Reaction sequences occurring in dense Li-doped sialon ceramics: influence of temperature and holding time

Abstract

Spark Plasma Sintering (SPS) has been used to consolidate a lithium-doped duplex α–β sialon with the overall composition Li0.5Si9.5Al2.5O2.0N14. The kinetics of densification has been studied, and the phase transformation, reactions and grain growth occurring in the dense compacts upon further heat treatment have been investigated. Two sources of Si3N4 powders were used, namely α- and β-Si3N4. Green bodies heated at a rate of 100 °C min−1 yielded fully dense compacts at 1450 °C (α-Si3N4) and 1500 °C (β-Si3N4) without holding, and these compacts consisted mainly of a locally formed liquid and precursor Si3N4 particles. Upon further heating it was observed that α-sialon is formed initially, irrespectively of whether α-Si3N4 or β-Si3N4 powder is used as Si3N4 source; and when α-Si3N4 is used as starting powder, almost monophasic α-sialon compacts are formed before any transformation to β-sialon takes place on further heating.
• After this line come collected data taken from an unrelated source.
(* Let $N\subset M\subset G$ be subgroups, both normal in $G$, with $N$ contained in the center of $M$, and let $\sigma$ be a proper closed ribbon. For $n\in N$ and $t\in G/M$ put $J_\sigma^{n,t}:=\sum_{x\in t}F_\sigma^{n,x}$ (here $t$ is regarded as a subset of $G$). Then $J_\sigma^{n,t}=\sum_{C}K_\sigma^{\{n\},C}$, where the sum runs over those $C\in\mathrm{Conj}(G/N,M/N)$ whose elements (as cosets of $N$) are contained in $t$, and $K_\sigma^{\{n\},C}$ is the operator $K_\sigma^{DC}$ with $D=\{n\}$ (a conjugacy class of $N'_C$ since $n$ is central in $M$).
   Context: Setting. $G$ is a finite group; $\bar g$ denotes $g^{-1}$. A lattice is embedded in an orientable surface, with vertex set $V$, edge set $E$, face set $F$; every edge is oriented, no edge has equal endpoints, and a face with $s$ edges has $s$ distinct vertices (same conditions for the dual lattice). Dual edges $e^*$ are oriented so that $e^*$ crosses $e$ from right to left. For each edge $e$ there is an inverse edge $\bar e$ with reversed orientation ($\bar{\bar e}=e$); $\bar E$ is the set of inverse edges. Each edge $e\in E$ carries a qudit $\mathbb C[G]$ with orthonormal basis $\{|g\rangle\}_{g\in G}$; $\mathcal H_G=\bigotimes_{e\in E}\mathbb C[G]$. Single-qudit operators: $L^h=\sum_g|hg\rangle\langle g|$, $T^g=|g\rangle\langle g|$, $I=\sum_g|\bar g\rangle\langle g|$. Sites and triangles. A site is a pair $s=(v,f)$ with $f$ a face and $v$ a vertex of $f$; write $s=(v_s,f_s)$. A direct triangle $\tau=(s_0,s_1,e)$ consists of sites $s_0,s_1$ with $f_{s_0}=f_{s_1}$ and $e\in E\cup\bar E$ going from $v_{s_0}$ to $v_{s_1}$, such that $s_0,s_1,e$ form a triangle with sides in counterclockwise order. A dual triangle $\tau=(s_0,s_1,e^* )$ consists of sites with $v_{s_0}=v_{s_1}$ and a dual edge $e^*$ ($e\in E\cup\bar E$) going from the dual vertex $f_{s_0}^*$ to $f_{s_1}^*$, with sides in clockwise order. Write $\partial_i\tau=s_i$, $e_\tau=e$. The complementary triangle $\bar\tau$ is the triangle of the same type with edge $\bar e_\tau$. Triangle operators: for a dual triangle $L_\tau^h:=I^xL^hI^x$, for a direct triangle $T_\tau^g:=I^xT^gI^x$, acting on the qudit of the underlying edge of $e_\tau$, with $x=0$ if $e_\tau\in E$ and $x=1$ if $e_\tau\in\bar E$. Ribbons. A strip is either trivial (a single site) or a sequence of triangles $\rho=(\tau_1,\dots,\tau_n)$ with $\partial_1\tau_i=\partial_0\tau_{i+1}$; its ends are $\partial_0\rho=\partial_0\tau_1$, $\partial_1\rho=\partial_1\tau_n$; composition $\rho_1\rho_2$ is concatenation when $\partial_1\rho_1=\partial_0\rho_2$. If $\tau'_1,\dots,\tau'_q$ are its direct triangles in order, its direct path has vertices $v_0=v_{\partial_0\tau'_1},v_1=v_{\partial_1\tau'_1},\dots,v_q=v_{\partial_1\tau'_q}$; its dual path has the faces $f_0,\dots,f_r$ defined analogously from its dual triangles. A ribbon is a strip such that no triangle occurs together with its complement, the $v_i$ are pairwise distinct except possibly $v_0=v_q$, and the $f_i$ are pairwise distinct except possibly $f_0=f_r$. A ribbon is direct (dual) if it consists only of direct (dual) triangles, proper if it is neither, open if $v_{\partial_0\rho}\ne v_{\partial_1\rho}$ and $f_{\partial_0\rho}\ne f_{\partial_1\rho}$, closed if $\partial_0\rho=\partial_1\rho$. Ribbon operators. For a trivial ribbon $F^{h,g}=\delta_{1,g}$; for a dual triangle $F_\tau^{h,g}=\delta_{1,g}L_\tau^h$; for a direct triangle $F_\tau^{h,g}=T_\tau^g$; for a ribbon $\rho=\rho_1\rho_2$, $F_\rho^{h,g}=\sum_{k\in G}F_{\rho_1}^{h,k}F_{\rho_2}^{\bar khk,\bar kg}$ (independent of the decomposition). Closed-ribbon operators. $\mathrm{Conj}(G/N,M/N)$ is the set of orbits of $G/N$ under conjugation by $M/N$. For each such orbit $C$ fix $r_C\in G$ with $r_CN\in C$, let $N'_C:=\{m\in M: m r_C\bar m\bar r_C\in N\}$ and let $Q_C\subset M$ be a set of representatives of $M/N'_C$. For $D$ a conjugacy class of $N'_C$, $K_\sigma^{DC}:=\sum_{q\in Q_C}\sum_{d\in D}\sum_{n\in N}F_\sigma^{\,qd\bar q,\;qr_C\bar q n}$. *)

From HB Require Import structures.
From mathcomp Require Import all_boot all_order all_algebra all_fingroup all_solvable all_field.
Set Implicit Arguments. Unset Strict Implicit. Unset Printing Implicit Defensive.
Import GRing.Theory.
Local Open Scope ring_scope.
When β-Si3N4 is used as starting powder the formation of β-sialon is kinetically promoted, and compacts containing α-sialon, β-sialon and β-Si3N4 are obtained before the equilibrium phase assemblage is reached, i.e. a lithium-doped duplex α–β sialon ceramic. These observations can be interpreted in terms of the Ostwald step rule. Grain growth does not occur until the equilibrium phase assemblage has been established. The separation of grain growth from densification and phase transformation has implications for preparing Si3N4-based nano-ceramics and provides possibility for further studies of the kinetics of grain growth in Si3N4-based ceramics.